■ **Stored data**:
━━━━━━━━━━━━━━━━━━━━
Lemma linear_on_l2_supported_in (L : (nat -> R) -> R) (js : list nat) :
  linear_on_l2 L -> (forall i, In i js -> L (unit_vec i) = 0) ->
  forall h, supported_in h js -> L h = 0.
Proof.
  intros HL. induction js as [|i js IH]; intros Hunit h Hh.
  - replace h with (fun _ : nat => 0)
      by (apply functional_extensionality; intros j; symmetry; apply Hh; auto).
    apply linear_on_l2_zero, HL.
  - set (h' := fun j => if Nat.eqb j i then 0 else h j).
    assert (Hh' : supported_in h' js).
    { intros j Hj. unfold h'. destruct (Nat.eqb_spec j i); [reflexivity|].
      apply Hh. intros [E | E]; auto. }
    replace h with (fun j => h' j + h i * unit_vec i j)
      by (apply functional_extensionality; intros j; unfold h', unit_vec;
          destruct (Nat.eqb_spec j i); subst; ring).
    destruct HL as [Hadd Hscal].
    assert (Hh'l2 : l2 h') by (apply l2_supported_in with js; exact Hh').
    rewrite Hadd, Hscal by auto using l2_scal, l2_unit_vec.
    rewrite IH, Hunit; [ring | left; reflexivity | | exact Hh'].
    intros j Hj. apply Hunit. right. exact Hj.
Qed.

Definition kernel_proj (L : (nat -> R) -> R) (i : nat) (x : nat -> R) : nat -> R :=
  fun j => x j + - (L x / L (unit_vec i)) * unit_vec i j.

Section KernelProjection.

Variables (L : (nat -> R) -> R) (i : nat).
Hypothesis L_linear : linear_on_l2 L.
Hypothesis L_unit_vec : L (unit_vec i) <> 0.

Lemma l2_kernel_proj (x : nat -> R) : l2 x -> l2 (kernel_proj L i x).
Proof.
  intros Hx. apply (l2_plus x (fun j => - (L x / L (unit_vec i)) * unit_vec i j)); [exact Hx|].
  apply l2_scal, l2_unit_vec.
Qed.

Lemma kernel_proj_off (x : nat -> R) (j : nat) : j <> i -> kernel_proj L i x j = x j.
Proof.
  intros Hji. unfold kernel_proj, unit_vec.
  destruct (Nat.eqb_spec j i); [contradiction | ring].
Qed.

Lemma kernel_proj_ker (x : nat -> R) : l2 x -> L (kernel_proj L i x) = 0.
Proof.
  intros Hx. destruct L_linear as [Hadd Hscal]. unfold kernel_proj.
  rewrite (Hadd x (fun j => - (L x / L (unit_vec i)) * unit_vec i j)), Hscal
    by auto using l2_scal, l2_unit_vec.
  field. exact L_unit_vec.
Qed.

Lemma kernel_proj_supported_in (x : nat -> R) (js1 js2 : list nat) :
  supported_in x (js1 ++ js2) -> supported_in (kernel_proj L i x) (js1 ++ i :: js2).
Proof.
  intros Hx j Hj. destruct (Nat.eq_dec j i) as [-> | Hji].
  - exfalso. apply Hj, in_or_app. right. left. reflexivity.
  - rewrite kernel_proj_off by exact Hji. apply Hx. intros Hin. apply Hj.
    apply in_app_or in Hin. apply in_or_app. destruct Hin; [left | right; right]; assumption.
Qed.

Lemma linear_on_l2_kernel_proj (M : (nat -> R) -> R) :
  linear_on_l2 M -> linear_on_l2 (fun x => M (kernel_proj L i x)).
Proof.
  intros [Madd Mscal]. destruct L_linear as [Hadd Hscal]. split.
  - intros f g Hf Hg. rewrite <- Madd by auto using l2_kernel_proj. f_equal.
    apply functional_extensionality. intros j. unfold kernel_proj.
    rewrite Hadd by assumption. field. exact L_unit_vec.
  - intros c f Hf. rewrite <- Mscal by auto using l2_kernel_proj. f_equal.
    apply functional_extensionality. intros j. unfold kernel_proj.
    rewrite Hscal by assumption. field. exact L_unit_vec.
Qed.

End KernelProjection.

Lemma common_kernel_nonzero (Ls : list ((nat -> R) -> R)) (js : list nat) :
  (forall L, In L Ls -> linear_on_l2 L) -> NoDup js -> (length Ls < length js)%nat ->
  exists h, supported_in h js /\ (exists j, h j <> 0) /\ (forall L, In L Ls -> L h = 0).
Proof.
  remember (length Ls) as n eqn:Hn. revert Ls js Hn.
  induction n as [|n IH]; intros Ls js Hn Hlin Hnd Hlen.
  - destruct Ls; [|discriminate].
    destruct js as [|i js]; [simpl in Hlen; lia|].
    exists (unit_vec i). split; [|split].
    + apply unit_vec_supported_in. left. reflexivity.
    + exists i. unfold unit_vec. rewrite Nat.eqb_refl. lra.
    + intros L [].
  - destruct Ls as [|L Ls]; [discriminate|]. injection Hn as Hn. simpl in Hlen.
    assert (HL : linear_on_l2 L) by (apply Hlin; left; reflexivity).
    assert (HLs : forall M, In M Ls -> linear_on_l2 M)
      by (intros M HM; apply Hlin; right; exact HM).
    destruct (classic (exists i, In i js /\ L (unit_vec i) <> 0)) as [[i [Hi HLi]] | Hnone].
    + destruct (in_split i js Hi) as [js1 [js2 ->]].
      destruct (NoDup_remove _ _ _ Hnd) as [Hnd' Hi'].
      destruct (IH (map (fun M x => M (kernel_proj L i x)) Ls) (js1 ++ js2))
        as [g [Hg [[j0 Hj0] Hker]]].
      * rewrite length_map. exact Hn.
      * intros M' HM'. apply in_map_iff in HM'. destruct HM' as [M [<- HM]].
        apply linear_on_l2_kernel_proj; auto.
      * exact Hnd'.
      * rewrite length_app in *. simpl in Hlen. lia.
      * assert (Hj0i : j0 <> i) by (intros ->; apply Hj0, Hg, Hi').
        exists (kernel_proj L i g). split; [|split].
        -- apply kernel_proj_supported_in, Hg.
        -- exists j0. rewrite kernel_proj_off by exact Hj0i. exact Hj0.
        -- intros M [<- | HM].
           ++ apply kernel_proj_ker; [exact HL | exact HLi |].
              apply l2_supported_in with (js1 ++ js2). exact Hg.
           ++ apply (Hker (fun x => M (kernel_proj L i x))). apply in_map_iff. exists M. auto.
    + destruct (IH Ls js Hn HLs Hnd ltac:(lia)) as [h [Hh [Hnz Hker]]].
      exists h. split; [|split]; auto.
      intros M [<- | HM]; [|auto].
      apply (linear_on_l2_supported_in L js HL); [|exact Hh].
      intros i Hi. apply NNPP. intros HLi. apply Hnone. exists i. auto.
Qed.

(** * Fooling adaptive algorithms *)

Lemma solves_linear_queries (lam : nat -> R) (H : (nat -> R) -> Prop) (A : algorithm) (e : R) :
  solves lam H A -> 0 < e -> forall d, linear_on_l2 (query A e d).
Proof.
  intros [Hwf _] He d. destruct (Hwf e d He) as [[Hadd [Hscal _]] _]. split; assumption.
Qed.

Lemma data_add_kernel (A : algorithm) (e : R) (f h : nat -> R) (k : nat) :
  (forall d, linear_on_l2 (query A e d)) -> l2 f -> l2 h ->
  (forall m, (m < k)%nat -> query A e (data A e f m) h = 0) ->
  forall m, (m <= k)%nat -> data A e (fun i => f i + h i) m = data A e f m.
Proof.
  intros Hlin Hf Hh Hker m. induction m as [|m IH]; intros Hm; [reflexivity|].
  simpl. rewrite IH by lia. destruct (Hlin (data A e f m)) as [Hadd _].
  rewrite Hadd, Hker by (auto || lia). rewrite Rplus_0_r. reflexivity.
Qed.

Lemma stops_at_unique (A : algorithm) (e : R) (f : nat -> R) (k1 k2 : nat) :
  stops_at A e f k1 -> stops_at A e f k2 -> k1 = k2.
Proof.
  intros [H1 H1'] [H2 H2'].
  destruct (Nat.lt_trichotomy k1 k2) as [L | [L | L]]; [exfalso | exact L | exfalso].
  - exact (H2' k1 L H1).
  - exact (H1' k2 L H2).
Qed.

Lemma stops_at_data_ext (A : algorithm) (e : R) (f g : nat -> R) (k : nat) :
  (forall m, (m <= k)%nat -> data A e g m = data A e f m) ->
  stops_at A e f k -> stops_at A e g k.
Proof.
  intros Hdata [Hstop Hbefore]. split.
  - rewrite Hdata by lia. exact Hstop.
  - intros m Hm. rewrite Hdata by lia. exact (Hbefore m Hm).
Qed.

(* [A] cannot tell [f + h] from [f - h], so it returns the same output for both; the
   parallelogram law then bounds [S h] by the tolerance. *)
Lemma solves_kernel_bound (lam : nat -> R) (H : (nat -> R) -> Prop) (A : algorithm)
    (e : R) (f h : nat -> R) (k : nat) :
  solves lam H A -> 0 < e -> l2 f -> l2 h -> l2 (Sop lam f) -> l2 (Sop lam h) ->
  H (fun i => f i + h i) -> H (fun i => f i - h i) -> stops_at A e f k ->
  (forall m, (m < k)%nat -> query A e (data A e f m) h = 0) ->
  Series (fun i => Sop lam h i ^ 2) <= e ^ 2.
Proof.
  intros Hsol He Hf Hh HSf HSh Hplus Hminus Hstop Hker.
  assert (Hlin := solves_linear_queries lam H A e Hsol He).
  set (O := output A e (data A e f k)).
  assert (Herr : forall g, H g -> (forall m, (m <= k)%nat -> data A e g m = data A e f m) ->
            Series (fun i => (Sop lam g i - O i) ^ 2) <= e ^ 2).
  { intros g Hg Hdata. destruct (proj2 Hsol g e Hg He) as [k' [Hstop' Hnrm]].
    rewrite (stops_at_unique A e g k' k Hstop' (stops_at_data_ext A e f g k Hdata Hstop)) in Hnrm.
    rewrite Hdata in Hnrm by lia. apply le_sq_of_sqrt_le, Hnrm. }
  assert (Hopp : l2 (fun i => -1 * h i)) by (apply l2_scal, Hh).
  assert (Hker_opp : forall m, (m < k)%nat -> query A e (data A e f m) (fun i => -1 * h i) = 0).
  { intros m Hm. destruct (Hlin (data A e f m)) as [_ Hscal].
    rewrite Hscal, Hker by assumption. ring. }
  assert (Hminus_data : forall m, (m <= k)%nat -> data A e (fun i => f i - h i) m = data A e f m).
  { intros m Hm. rewrite <- (data_add_kernel A e f _ k Hlin Hf Hopp Hker_opp m Hm).
    f_equal. apply functional_extensionality. intros i. ring. }
  assert (HO : l2 O) by exact (proj2 (proj1 Hsol e _ He)).
  set (u := fun i => Sop lam f i - O i).
  assert (Hu : l2 u).
  { eapply ex_series_ext; [| exact (l2_plus _ _ HSf (l2_scal (-1) O HO))].
    intros i. unfold u. simpl. ring. }
  assert (Hup := Herr _ Hplus (data_add_kernel A e f h k Hlin Hf Hh Hker)).
  assert (Hdown := Herr _ Hminus Hminus_data).
  rewrite (Series_ext _ (fun i => (u i + Sop lam h i) ^ 2)) in Hup
    by (intros i; unfold u, Sop; ring).
  rewrite (Series_ext _ (fun i => (u i - Sop lam h i) ^ 2)) in Hdown
    by (intros i; unfold u, Sop; ring).
  pose proof (Series_parallelogram u (Sop lam h) Hu HSh).
  pose proof (Series_sq_nonneg u Hu).
  lra.
Qed.

Lemma Series_Sop_scal (lam h : nat -> R) (c : R) :
  Series (fun i => Sop lam (fun j => c * h j) i ^ 2) = c ^ 2 * Series (fun i => Sop lam h i ^ 2).
Proof.
  rewrite <- Series_scal_l. apply Series_ext. intros i. unfold Sop. ring.
Qed.

Lemma queries_kernel_vector (lam : nat -> R) (A : algorithm) (e T : R) (f : nat -> R) (k N : nat) :
  (forall i, 0 < lam i) -> (forall d, linear_on_l2 (query A e d)) -> (k < N)%nat ->
  exists h, (forall m, (N <= m)%nat -> h m = 0) /\
    Series (fun i => Sop lam h i ^ 2) = T ^ 2 /\
    (forall m, (m < k)%nat -> query A e (data A e f m) h = 0).
Proof.
  intros Hlam Hlin HkN.
  destruct (common_kernel_nonzero (map (fun m => query A e (data A e f m)) (seq 0 k)) (seq 0 N))
    as [h [Hsupp [[j Hj] Hker]]].
  { intros L HL. apply in_map_iff in HL. destruct HL as [m [<- _]]. apply Hlin. }
  { apply seq_NoDup. }
  { rewrite length_map, !length_seq. exact HkN. }
  assert (Hh0 : forall m, (N <= m)%nat -> h m = 0).
  { intros m Hm. apply Hsupp. rewrite in_seq. lia. }
  assert (HSh : l2 (Sop lam h)).
  { apply l2_finite_support with N. intros m Hm. unfold Sop. rewrite Hh0 by exact Hm. ring. }
  set (X := Series (fun i => Sop lam h i ^ 2)).
  assert (HX : 0 < X).
  { apply Rlt_le_trans with (sum_n_m (fun i => Sop lam h i ^ 2) j j).
    - rewrite sum_n_n. unfold Sop. apply pow2_gt_0.
      apply Rmult_integral_contrapositive. split; [apply Rgt_not_eq, Hlam | exact Hj].
    - apply sum_n_m_le_Series; [intros i; apply pow2_ge_0 | exact HSh]. }
  set (c := T / sqrt X).
  exists (fun i => c * h i). split; [|split].
  - intros m Hm. rewrite Hh0 by exact Hm. ring.
  - rewrite Series_Sop_scal. fold X. unfold c, Rdiv.
    rewrite Rpow_mult_distr, pow_inv, pow2_sqrt by lra. field. lra.
  - intros m Hm. destruct (Hlin (data A e f m)) as [_ Hscal].
    rewrite Hscal by (apply l2_finite_support with N; exact Hh0).
    rewrite Hker; [ring|]. apply in_map_iff. exists m. rewrite in_seq. split; [reflexivity | lia].
Qed.

Lemma solves_samples_ge (lam : nat -> R) (H : (nat -> R) -> Prop) (A : algorithm)
    (e T : R) (f : nat -> R) (k N : nat) :
  (forall i, 0 < lam i) -> solves lam H A -> 0 < e -> e < T ->
  l2 f -> l2 (Sop lam f) -> stops_at A e f k ->
  (forall h, (forall m, (N <= m)%nat -> h m = 0) ->
     Series (fun i => Sop lam h i ^ 2) = T ^ 2 ->
     H (fun i => f i + h i) /\ H (fun i => f i - h i)) ->
  (N <= k)%nat.
Proof.
  intros Hlam Hsol He HeT Hf HSf Hstop Hpert.
  apply Nat.nlt_ge. intros HkN.
  assert (Hlin := solves_linear_queries lam H A e Hsol He).
  destruct (queries_kernel_vector lam A e T f k N Hlam Hlin HkN) as [h [Hh0 [HSh Hker]]].
  destruct (Hpert h Hh0 HSh) as [Hplus Hminus].
  assert (Hl2 : l2 h /\ l2 (Sop lam h)).
  { split; apply l2_finite_support with N; intros m Hm; [|unfold Sop];
      rewrite Hh0 by exact Hm; ring. }
  assert (T ^ 2 <= e ^ 2).
  { rewrite <- HSh. apply (solves_kernel_bound lam H A e f h k); tauto. }
  nra.
Qed.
━━━━━━━━━━━━━━━━━━━━
■ **Task**:
Return only the part of the records above that opens with the line containing "Hker_opp m Hm)." and closes with the line containing "assert (Hdown := Herr", ends included.

■ **Answer to this problem**:
  { intros m Hm. rewrite <- (data_add_kernel A e f _ k Hlin Hf Hopp Hker_opp m Hm).
    f_equal. apply functional_extensionality. intros i. ring. }
  assert (HO : l2 O) by exact (proj2 (proj1 Hsol e _ He)).
  set (u := fun i => Sop lam f i - O i).
  assert (Hu : l2 u).
  { eapply ex_series_ext; [| exact (l2_plus _ _ HSf (l2_scal (-1) O HO))].
    intros i. unfold u. simpl. ring. }
  assert (Hup := Herr _ Hplus (data_add_kernel A e f h k Hlin Hf Hh Hker)).
  assert (Hdown := Herr _ Hminus Hminus_data).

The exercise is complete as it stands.